MICRO-PHASES AND MICROSTRUCTURES IN CLINOPYROXENE MINERALS FROM A RAPIDLY SUBDUCTED AND EXHUMED HIGH PRESSURE METAMORPHIC TERRAIN: HRTEM AND X-PEEM INVESTIGATIONS

Microstructures and micro-inclusions in minerals can provide information about the genesis and evolutionary history of host rocks. High-resolution TEM (HRTEM) and X-ray PhotoElectron Emission Microscopy (X-PEEM) are useful tools for studying microstructures and microchemistry of minerals, which can provide spatially resolved chemistry about micro-phases and interfaces in minerals. The sample for this study is from a garnet clinopyroxenite, a high pressure metamorphic rock in northern Dabie Mountains of China. The terrain hosting the sample was a product of the Triassic continental collision between the Sino-Korean and Yangtze cratons in East-central China. Previously, the rock was considered as a product of an ultra-high pressure metamorphism (Tsai & Liou, 2000, Am.

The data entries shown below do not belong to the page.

Lemma mem_pqA_hole_q i j t : t <= L2 -> Qv j t \in pqA_hole i j.
Proof.
by move=> tL; apply: (mem_cycle_set (a := L1 + L2 + 1 - t)); [lia|rewrite /pqA_cyc; cyc_index].
Qed.

Lemma mem_pqA_hole_apex i j : zA \in pqA_hole i j.
Proof. by apply: (mem_cycle_set (a := L1 + L2 + 2)); [lia|rewrite /pqA_cyc; cyc_index]. Qed.

Lemma mem_pqB_hole_p i j t : t <= L1 -> Pv i t \in pqB_hole i j.
Proof. by move=> tL; apply: (mem_cycle_set (a := L1 - t)); [lia|rewrite /pqB_cyc; cyc_index]. Qed.

Lemma mem_pqB_hole_q i j t : t <= L2 -> Qv j t \in pqB_hole i j.
Proof.
by move=> tL; apply: (mem_cycle_set (a := t + L1.+1)); [lia|rewrite /pqB_cyc; cyc_index].
Qed.

Lemma mem_pqB_hole_apex i j : zB \in pqB_hole i j.
Proof. by apply: (mem_cycle_set (a := L1 + L2 + 2)); [lia|rewrite /pqB_cyc; cyc_index]. Qed.

Lemma uniq_pv012 i x : x \notin [:: Pv i 0; Pv i 1; Pv i 2] ->
  uniq [:: Pv i 0; Pv i 1; Pv i 2; x].
Proof.
move=> x_new; rewrite -[[:: _; _; _; x]]/(rcons [:: Pv i 0; Pv i 1; Pv i 2] x) rcons_uniq x_new.
by rewrite /= !inE !even_pv_eq ?eqxx //=; lia.
Qed.

Let i0 : 'I_n := Ordinal (ltnW n_gt1).
Let i1 : 'I_n := Ordinal n_gt1.

Lemma other_index (i : 'I_n) : exists i', i != i'.
Proof.
case: (i =P i0) => [->|]; last by exists i0; apply/eqP.
by exists i1; apply/eqP => /(congr1 val).
Qed.

Let reaches_hub (K : {set T}) := holes_equivalent re (pp_hole i0 i1) K.

Lemma pp_hole_reaches_hub i i' : i != i' -> reaches_hub (pp_hole i i').
Proof.
have close_l a b c : a != b -> a != c -> holes_equivalent re (pp_hole a b) (pp_hole a c).
  move=> ab ac; apply: close_holes_equivalent; try exact: pp_hole_is_hole.
  by apply: (holes_close_uniq4 (uniq_pv012 (i := a) (x := zA) _));
    rewrite ?mem_pp_hole_l ?mem_pp_hole_apex //; lia.
have close_swap a b : a != b -> holes_equivalent re (pp_hole a b) (pp_hole b a).
  move=> ab; apply: close_holes_equivalent; first exact: pp_hole_is_hole.
    by apply: pp_hole_is_hole; rewrite eq_sym.
  by apply: (holes_close_uniq4 (uniq_pv012 (i := a) (x := zA) _));
    rewrite ?mem_pp_hole_l ?mem_pp_hole_r ?mem_pp_hole_apex //; lia.
have i01 : i0 != i1 by apply/eqP => /(congr1 val).
move=> ii'; rewrite /reaches_hub; case: (i =P i0) => [E|/eqP ii0].
- by rewrite E in ii' *; apply: close_l.
- apply: holes_equivalent_trans (close_l _ _ i i01 _) _; first by rewrite eq_sym.
  apply: holes_equivalent_trans (close_swap _ _ _) _; first by rewrite eq_sym.
  exact: close_l.
Qed.

Lemma pqA_hole_reaches_hub i j : ~~ R i j -> reaches_hub (pqA_hole i j).
Proof.
move=> nRij; have [i' ii'] := other_index i.
apply: holes_equivalent_trans (pp_hole_reaches_hub ii') _.
apply: close_holes_equivalent; [exact: pp_hole_is_hole|exact: pqA_hole_is_hole|].
by apply: (holes_close_uniq4 (uniq_pv012 (i := i) (x := zA) _));
  rewrite ?mem_pp_hole_l ?mem_pp_hole_apex ?mem_pqA_hole_p ?mem_pqA_hole_apex //; lia.
Qed.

Mineral. v.85, p.1-8). Recent study also shows that the eclogite-facies rocks re-equilibrated under granulite-facies conditions (Fu, et al., 2003, Lithos, v.70, p.293-319). The clinopyroxene (Wo₃₉En₃₇Jd₁₄Ac₆Fs₄) crystals contain micron to sub micron silica-rich (> 75% SiO₂ ) precipitates, some of them CO₂ (L)-bearing, in the core and exsolution lamella of a second generation pyroxene in the rim. HRTEM and X-PEEM results indicate that silica-rich glass precipitates are uniformly distributed and that the (Fe,Mg)-rich pyroxene lamellae and have P2₁ /c symmetry (the symmetry for pigeonite, not orthopyroxene). We suggest that the Al-bearing exsolution lamellae formed metastably (quickly). The silica-rich micro-phases inside the host pyroxene probably formed during fast transformation from amphibole into pyroxene, which may indicate rapid subduction of the continental plate. The preservation of silica-rich glass precipitates and the formation of (Fe,Mg)-rich clinopyroxene lamella indicate very fast cooling of the host rock. Our results indicate that the host rock (in paleo-continent plate in the Dabie Mountains) had experienced extremely rapid subduction and exhumation.